ABOUT THIS TASK: Would you please print the data a second time, exactly as it stands?

THE DATA:
BEGIN
(* By linearity, h is affine on each of finitely many pieces covering the box.
   Take more heights y_0, ..., y_N in (c, d) than there are pieces: for each t
   the points (t, y_i) are distributed among the pieces, so by pigeonhole one
   piece C contains two points (t, yl), (t, yh) with yl < yh for t arbitrarily
   close to b.  Affinity of h on C makes h t yh - h t yl a constant D, which is
   positive by strict monotonicity, and continuity carries D <= h b yh - h b yl
   to the limit t -> b; the outer increments h b yl - h b c and h b d - h b yh
   are >= 0 by the same limit argument.  O-minimality is used only to make the
   order dense: the definable set of doubles z + z is cofinal, hence contains a
   final segment, so no positive element can be the least one. *)
Section OrderedGroup.
Variables (M : zmodType) (lt : M -> M -> Prop).
Hypothesis Hgrp : ordered_group lt.
Local Notation le := (le lt).

Lemma ltxx x : ~ lt x x.
Proof. by case: Hgrp. Qed.

Lemma lt_trans y x z : lt x y -> lt y z -> lt x z.
Proof. by case: Hgrp => _ tr _ _; apply: tr. Qed.

Lemma lt_total x y : lt x y \/ x = y \/ lt y x.
Proof. by case: Hgrp. Qed.

Lemma lt_add2r z x y : lt x y -> lt (x + z) (y + z).
Proof. by case: Hgrp => _ _ _; apply. Qed.

Lemma lt_add2l z x y : lt x y -> lt (z + x) (z + y).
Proof. by rewrite ![z + _]addrC; apply: lt_add2r. Qed.

Lemma lt_add x y z w : lt x y -> lt z w -> lt (x + z) (y + w).
Proof. by move=> /(lt_add2r z) hxy /(lt_add2l y); apply: lt_trans. Qed.

Lemma subr_gt0 x y : lt 0 (y - x) <-> lt x y.
Proof.
split=> [/(lt_add2r x)|/(lt_add2r (- x))]; first by rewrite add0r subrK.
by rewrite subrr.
Qed.

Lemma lt_opp x y : lt x y -> lt (- y) (- x).
Proof. by move=> /subr_gt0 hxy; apply/subr_gt0; rewrite opprK addrC. Qed.

Lemma lt_add_pos x p : lt 0 p -> lt x (x + p).
Proof. by move=> /(lt_add2l x); rewrite addr0. Qed.

Lemma lt_sub_pos x p : lt 0 p -> lt (x - p) x.
Proof. by move=> /lt_opp /(lt_add2l x); rewrite oppr0 addr0. Qed.

Lemma le_lt_trans y x z : le x y -> lt y z -> lt x z.
Proof. by case=> [|->] //; apply: lt_trans. Qed.

Lemma lt_le_trans y x z : lt x y -> le y z -> lt x z.
Proof. by move=> hxy [|<-] //; apply: lt_trans. Qed.

Lemma le_trans y x z : le x y -> le y z -> le x z.
Proof. by case=> [hxy|->] // hyz; left; apply: lt_le_trans hxy hyz. Qed.

Lemma le_ngt x y : le x y -> ~ lt y x.
Proof. by move=> hxy /(le_lt_trans hxy); apply: ltxx. Qed.

Lemma ngt_le x y : ~ lt y x -> le x y.
Proof. by case: (lt_total x y) => [|[|]]; [left|right|]. Qed.

Lemma nle_gt x y : ~ le x y -> lt y x.
Proof. by case: (lt_total x y) => [|[|]] // h []; [left|right]. Qed.

Lemma lt_le_add x y z w : lt x y -> le z w -> lt (x + z) (y + w).
Proof. by move=> hxy [hzw|<-]; [apply: lt_add | apply: lt_add2r]. Qed.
END
ANSWER FOR THE TASK:
(* By linearity, h is affine on each of finitely many pieces covering the box.
   Take more heights y_0, ..., y_N in (c, d) than there are pieces: for each t
   the points (t, y_i) are distributed among the pieces, so by pigeonhole one
   piece C contains two points (t, yl), (t, yh) with yl < yh for t arbitrarily
   close to b.  Affinity of h on C makes h t yh - h t yl a constant D, which is
   positive by strict monotonicity, and continuity carries D <= h b yh - h b yl
   to the limit t -> b; the outer increments h b yl - h b c and h b d - h b yh
   are >= 0 by the same limit argument.  O-minimality is used only to make the
   order dense: the definable set of doubles z + z is cofinal, hence contains a
   final segment, so no positive element can be the least one. *)
Section OrderedGroup.
Variables (M : zmodType) (lt : M -> M -> Prop).
Hypothesis Hgrp : ordered_group lt.
Local Notation le := (le lt).

Lemma ltxx x : ~ lt x x.
Proof. by case: Hgrp. Qed.

Lemma lt_trans y x z : lt x y -> lt y z -> lt x z.
Proof. by case: Hgrp => _ tr _ _; apply: tr. Qed.

Lemma lt_total x y : lt x y \/ x = y \/ lt y x.
Proof. by case: Hgrp. Qed.

Lemma lt_add2r z x y : lt x y -> lt (x + z) (y + z).
Proof. by case: Hgrp => _ _ _; apply. Qed.

Lemma lt_add2l z x y : lt x y -> lt (z + x) (z + y).
Proof. by rewrite ![z + _]addrC; apply: lt_add2r. Qed.

Lemma lt_add x y z w : lt x y -> lt z w -> lt (x + z) (y + w).
Proof. by move=> /(lt_add2r z) hxy /(lt_add2l y); apply: lt_trans. Qed.

Lemma subr_gt0 x y : lt 0 (y - x) <-> lt x y.
Proof.
split=> [/(lt_add2r x)|/(lt_add2r (- x))]; first by rewrite add0r subrK.
by rewrite subrr.
Qed.

Lemma lt_opp x y : lt x y -> lt (- y) (- x).
Proof. by move=> /subr_gt0 hxy; apply/subr_gt0; rewrite opprK addrC. Qed.

Lemma lt_add_pos x p : lt 0 p -> lt x (x + p).
Proof. by move=> /(lt_add2l x); rewrite addr0. Qed.

Lemma lt_sub_pos x p : lt 0 p -> lt (x - p) x.
Proof. by move=> /lt_opp /(lt_add2l x); rewrite oppr0 addr0. Qed.

Lemma le_lt_trans y x z : le x y -> lt y z -> lt x z.
Proof. by case=> [|->] //; apply: lt_trans. Qed.

Lemma lt_le_trans y x z : lt x y -> le y z -> lt x z.
Proof. by move=> hxy [|<-] //; apply: lt_trans. Qed.

Lemma le_trans y x z : le x y -> le y z -> le x z.
Proof. by case=> [hxy|->] // hyz; left; apply: lt_le_trans hxy hyz. Qed.

Lemma le_ngt x y : le x y -> ~ lt y x.
Proof. by move=> hxy /(le_lt_trans hxy); apply: ltxx. Qed.

Lemma ngt_le x y : ~ lt y x -> le x y.
Proof. by case: (lt_total x y) => [|[|]]; [left|right|]. Qed.

Lemma nle_gt x y : ~ le x y -> lt y x.
Proof. by case: (lt_total x y) => [|[|]] // h []; [left|right]. Qed.

Lemma lt_le_add x y z w : lt x y -> le z w -> lt (x + z) (y + w).
Proof. by move=> hxy [hzw|<-]; [apply: lt_add | apply: lt_add2r]. Qed.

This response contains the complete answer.